Research Papers

Efficient Computation of Separation-Compliant Speed Advisories for Air Traffic Arriving in Terminal Airspace

[+] Author and Article Information
Alexander V. Sadovsky

NASA Ames Research Center,
Moffett Field, CA 94035
e-mail: alexander.v.sadovsky@nasa.gov

Damek Davis

Department of Mathematics,
Los Angeles, CA 90095-1555

Douglas R. Isaacson

NASA Ames Research Center,
Moffett Field, CA 94035

1Corresponding author.

Contributed by the Dynamic Systems Division of ASME for publication in the JOURNAL OF DYNAMIC SYSTEMS, MEASUREMENT, AND CONTROL. Manuscript received February 2, 2012; final manuscript received February 21, 2014; published online May 8, 2014. Editor: J. Karl Hedrick.

J. Dyn.
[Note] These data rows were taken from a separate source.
(* Let $\mathcal{C}$ be a prevariety over a finite alphabet $A$ and let $\alpha:A^*\to M$ be an $\mathit{SF}(\mathcal{C})$-morphism. There exists a $\mathcal{C}$-morphism $\eta:A^*\to N$ such that for every $u\in A^*$, if $\eta(u)$ is idempotent, then $(\alpha(u))^{\omega+1}=(\alpha(u))^{\omega}$.
   Context: Fix a finite alphabet $A$. A prevariety is a class of regular languages over $A$ containing $\emptyset$ and $A^*$, closed under union, intersection, complement, and under the quotients $u^{-1}L=\{w\mid uw\in L\}$ and $Lu^{-1}=\{w\mid wu\in L\}$. $\mathit{SF}(\mathcal{C})$ is the least class containing $\mathcal{C}$ and all $\{a\}$ ($a\in A$), closed under union, complement and concatenation. For a class $\mathcal{D}$, a $\mathcal{D}$-morphism is a surjective monoid morphism $\eta:A^*\to N$ onto a finite monoid $N$ such that every language $\eta^{-1}(F)$, $F\subseteq N$, belongs to $\mathcal{D}$. For a finite monoid $M$, $\omega$ denotes a positive integer such that $s^\omega$ is idempotent for every $s\in M$. *)

From mathcomp Require Import all_boot.
Set Implicit Arguments. Unset Strict Implicit. Unset Printing Implicit Defensive.

Section Lang.
Variable A : finType.
Definition lang := seq A -> bool.
Definition lclass := lang -> Prop.

Definition regular (L : lang) : Prop :=
  exists (Q : finType) (q0 : Q) (delta : Q -> A -> Q) (F : pred Q),
    forall w, L w = F (foldl delta q0 w).

Definition lempty : lang := fun _ => false.
Definition lfull : lang := fun _ => true.
Definition lunion (L1 L2 : lang) : lang := fun w => L1 w || L2 w.
Definition linter (L1 L2 : lang) : lang := fun w => L1 w && L2 w.
Definition lcompl (L : lang) : lang := fun w => ~~ L w.
Definition lquotl (u : seq A) (L : lang) : lang := fun w => L (u ++ w).
Definition lquotr (L : lang) (u : seq A) : lang := fun w => L (w ++ u).
Definition lletter (a : A) : lang := fun w => w == [:: a].
Definition lconcat (L1 L2 : lang) : lang :=
  fun w => [exists i : 'I_(size w).+1, L1 (take i w) && L2 (drop i w)].

Definition prevariety (C : lclass) : Prop :=
  (forall L, C L -> regular L) /\
  C lempty /\ C lfull /\
  (forall L1 L2, C L1 -> C L2 -> C (lunion L1 L2)) /\
  (forall L1 L2, C L1 -> C L2 -> C (linter L1 L2)) /\
  (forall L, C L -> C (lcompl L)) /\
  (forall u L, C L -> C (lquotl u L) /\ C (lquotr L u)).
(* For every infinite discrete group $G$, the Bernoulli flow $2^G$ contains a free point whose orbit is dense.
   Context: The Bernoulli flow is $2^G=\{0,1\}^G$ with the product topology and the action $(g\cdot z)(h)=z(hg)$. A point $z$ is free if the map $g\mapsto g\cdot z$ is injective. *)

From Stdlib Require Import List.
Import ListNotations.

(* A group: carrier with multiplication, identity and inverse satisfying
   the group axioms. "Discrete" imposes nothing further. *)
Record Group := {
  carrier :> Type;
  gmul : carrier -> carrier -> carrier;
  gone : carrier;
  ginv : carrier -> carrier;
  gmul_assoc : forall a b c, gmul a (gmul b c) = gmul (gmul a b) c;
  gmul_1l : forall a, gmul gone a = a;
  gmul_1r : forall a, gmul a gone = a;
  gmul_Vl : forall a, gmul (ginv a) a = gone;
  gmul_Vr : forall a, gmul a (ginv a) = gone
}.

Definition infinite_group (G : Group) : Prop :=
  ~ exists l : list G, forall g : G, In g l.

Definition bern (G : Group) := G -> bool.

Definition bact (G : Group) (g : G) (z : bern G) : bern G :=
  fun h => z (gmul G h g).

Definition free_point (G : Group) (z : bern G) : Prop :=
  forall g1 g2 : G, bact G g1 z = bact G g2 z -> g1 = g2.

(* Product topology on {0,1}^G: basic open cylinders around x
   determined by a finite set F of coordinates. *)
Definition cylinder (G : Group) (x : bern G) (F : list G) : bern G -> Prop :=
  fun y => forall h, In h F -> y h = x h.

Definition is_open (G : Group) (U : bern G -> Prop) : Prop :=
  forall x, U x -> exists F : list G, forall y, cylinder G x F y -> U y.

Definition dense_orbit (G : Group) (z : bern G) : Prop :=
  forall U : bern G -> Prop, is_open G U -> (exists x, U x) ->
    exists g : G, U (bact G g z).

(* A point z is free with dense orbit as soon as, for every finite pattern b on F and
   every s <> 1, some translate realizes it: z (h k) = b h for h in F, resp.
   z k <> z (k s).  Since |G * G| = |G| for infinite G, there are only |G| such
   requirements; index them by G and treat them along a well-order of G all of whose
   proper initial segments are smaller than G.  At each stage fewer than |G| sites have
   been used, and the sites a requirement needs are finitely many injective functions
   of k, so some k puts all of them on fresh sites.  Colouring every site as its
   requirement asks gives z. *)

From Stdlib Require Import List Classical ClassicalEpsilon FunctionalExtensionality.
From Stdlib Require Import FinFun ProofIrrelevance Wellfounded Arith Lia.
From Stdlib Require Cantor.
From mathcomp Require eqtype boolp classical_sets wochoice.
Import ListNotations.
Set Bullet Behavior "Strict Subproofs".

(** * Cardinal comparison *)

Lemma zorn_premaximal (T : Type) (R : T -> T -> Prop) :
  inhabited T ->
  (forall t, R t t) -> (forall r s t, R r s -> R s t -> R r t) ->
  (forall C : T -> Prop, (forall s t, C s -> C t -> R s t \/ R t s) ->
     exists t, forall s, C s -> R s t) ->
  exists t, forall s, R t s -> R s t.
Proof.
  intros [t0] Hrefl Htrans Hchain.
  assert (HR : forall s t, boolp.asbool (R s t) = true <-> R s t).
  { intros s t. split; [apply (ssrbool.elimT (boolp.asboolP _)) | apply boolp.asboolT]. }
  destruct (@classical_sets.ZL_preorder T t0 (fun s t => boolp.asbool (R s t))) as [m Hm].
  - intro t. apply HR, Hrefl.
  - intros r s t Hrs Hst. apply HR. apply HR in Hrs, Hst. eauto.
  - intros C HC. destruct (Hchain C) as [t Ht].
    + intros s u Cs Cu. destruct (HC s u Cs Cu); [left | right]; apply HR; assumption.
    + exists t. intros s Cs. apply HR, Ht, Cs.
  - exists m. intros s Hms. apply HR, Hm, HR, Hms.
Qed.

Module WellOrdering.
Import eqtype boolp.
Lemma regular_of_section (x0 : T) U g0 : op U -> U `<=` W -> O U g0 ->
  exists h, regular Y (phi @` U) h /\ forall z, U z -> h (phi z) = g0 z.
Proof.
move=> oU sU Og0.
have injW : {in W &, injective phi}.
  by move=> a b; rewrite !in_setE; exact: phi_inj.
pose h := g0 \o pinv_ (fun=> x0) W phi.
have hK z : U z -> h (phi z) = g0 z.
  by move=> Uz; rewrite /h /= pinvKV // in_setE; exact: sU.
exists h; split=> //; apply/chart_regular; first exact: chart_zopen.
by rewrite preimage_chart_image //; apply: sheaf_ext oU Og0 _ => z /hK.
Qed.

Lemma regular_of_closed_sheaf V g : zopen YZ V ->
  closed_sheaf op O Z ((W `&` Z) `&` phi @^-1` V) (g \o phi) -> regular YZ V g.
Proof.
move=> zV sec _ /[dup] /zV.1[x [Wx Zx] <-] Vx.
have [U [g0 [oU Ux Og0 eg]]] := sec x (conj (conj Wx Zx) Vx).
have oUW := opI _ _ oU opW.
have OUW : O (U `&` W) g0 by apply: sheaf_restr oU oUW _ Og0; exact: subIsetl.
have [h [regh hK]] := regular_of_section x _ _ oUW (@subIsetr _ U W) OUW.
have [p [q [V' [pp pq zV' [V'x sV'] hq]]]] :=
  regh (phi x) (ex_intro2 _ _ x (conj Ux Wx) erefl).
exists p, q, (YZ `&` V' `&` V); split=> //.
- by apply: zopenI => //; apply: zopen_subset zV'.
- split; last exact: subIsetr.
  by split=> //; split=> //; exists x.
move=> _ [[[z [Wz Zz] <-] V'z] Vz]; have [qz hz] := hq _ V'z; split=> //.
have [u [Uu Wu] uz] := sV' _ V'z; have {}uz := phi_inj _ _ Wu Wz uz; subst u.
by rewrite -hz hK //; exact: eg z Uu (conj (conj Wz Zz) Vz).
Qed.

Lemma affine_chart_closed : affine_chart (W `&` Z)
  (open_opens (closed_opens op Z) (W `&` Z)) (closed_sheaf op O Z) YZ phi.
Proof.
split.
- exact: algebraic_set_image_closed.
- by move=> x y [Wx _] [Wy _]; apply: phi_inj.
- by [].
- exact: closed_chart_open.
- move=> V g zV; split; first exact: closed_sheaf_of_regular.
  exact: regular_of_closed_sheaf.
Qed.

End Chart.

Lemma schwartz_affine_closed s :
  schwartz_affine W (open_opens op W) O s ->
  schwartz_affine (W `&` Z) (open_opens (closed_opens op Z) (W `&` Z))
    (closed_sheaf op O Z) s.
Proof.
move=> [n [Y [phi [chart [f [sf sE]]]]]].
exists n, (phi @` (W `&` Z)), phi; split.
  exact: affine_chart_closed _ _ chart.
by exists f; split=> // x [Wx _]; apply: sE.
Qed.

End ClosedSubsetOfAffineOpen.

Theorem proposition5p3 (R : realType) (T : Type) (S : set T)
    (op : set (set T)) (O : set T -> set (T -> R)) (Z : set T) (s : T -> R) :
  variety S op O ->
  Z `<=` S -> op (S `\` Z) ->
  schwartz_var S op O s ->
  schwartz_var Z (closed_opens op Z) (closed_sheaf op O Z) s.
Proof.
move=> [[_ _ _ opI _] [sheaf_ext sheaf_restr _] _] ZS oSZ.
move=> [k [W [si [opW coverW affW sE]]]].
have WS i : W i `<=` S by rewrite -coverW => x Wx; exists i.
have opWDZ i : op (W i `\` Z).
  by rewrite -(setIidl (WS i)) -setIDA; exact: opI.
exists k, (fun i => W i `&` Z), si; split.
- by move=> i; exists (W i).
- by rewrite -setI_bigcupl coverW setIidr.
- by move=> i; exact: schwartz_affine_closed.
- move=> x Zx; rewrite sE; last exact: ZS.
  apply: eq_bigr => i _; congr (if _ then _ else _).
  by apply: asbool_equiv_eq; split=> [|[]//]; split.
Qed.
Sys., Meas., Control 136(4), 041027 (May 08, 2014) (10 pages) Paper No: DS-12-1043; doi: 10.1115/1.4026957 History: Received February 02, 2012; Revised February 21, 2014

A class of problems in air traffic management (ATM) asks for a scheduling algorithm that supplies the air traffic services authority not only with a schedule of arrivals and departures but also with speed advisories. Since advisories must be finite, a scheduling algorithm must ultimately produce a finite data set, hence must either start with a purely discrete model or involve a discretization of a continuous one. The former choice, often preferred for intuitive clarity, naturally leads to mixed-integer programs (MIPs), hindering proofs of correctness and computational cost bounds (crucial for real-time operations). In this paper, a hybrid control system is used to model air traffic scheduling, capturing both the discrete and continuous aspects. This framework is applied to a class of problems, called the fully routed nominal problem. We prove a number of geometric results on feasible schedules and use these results to formulate an algorithm that attempts to compute a collective speed advisory, effectively piecewise linear with finitely many vertices, and has computational cost polynomial in the number of aircraft. This work is a first step toward optimization and models refined with more realistic detail.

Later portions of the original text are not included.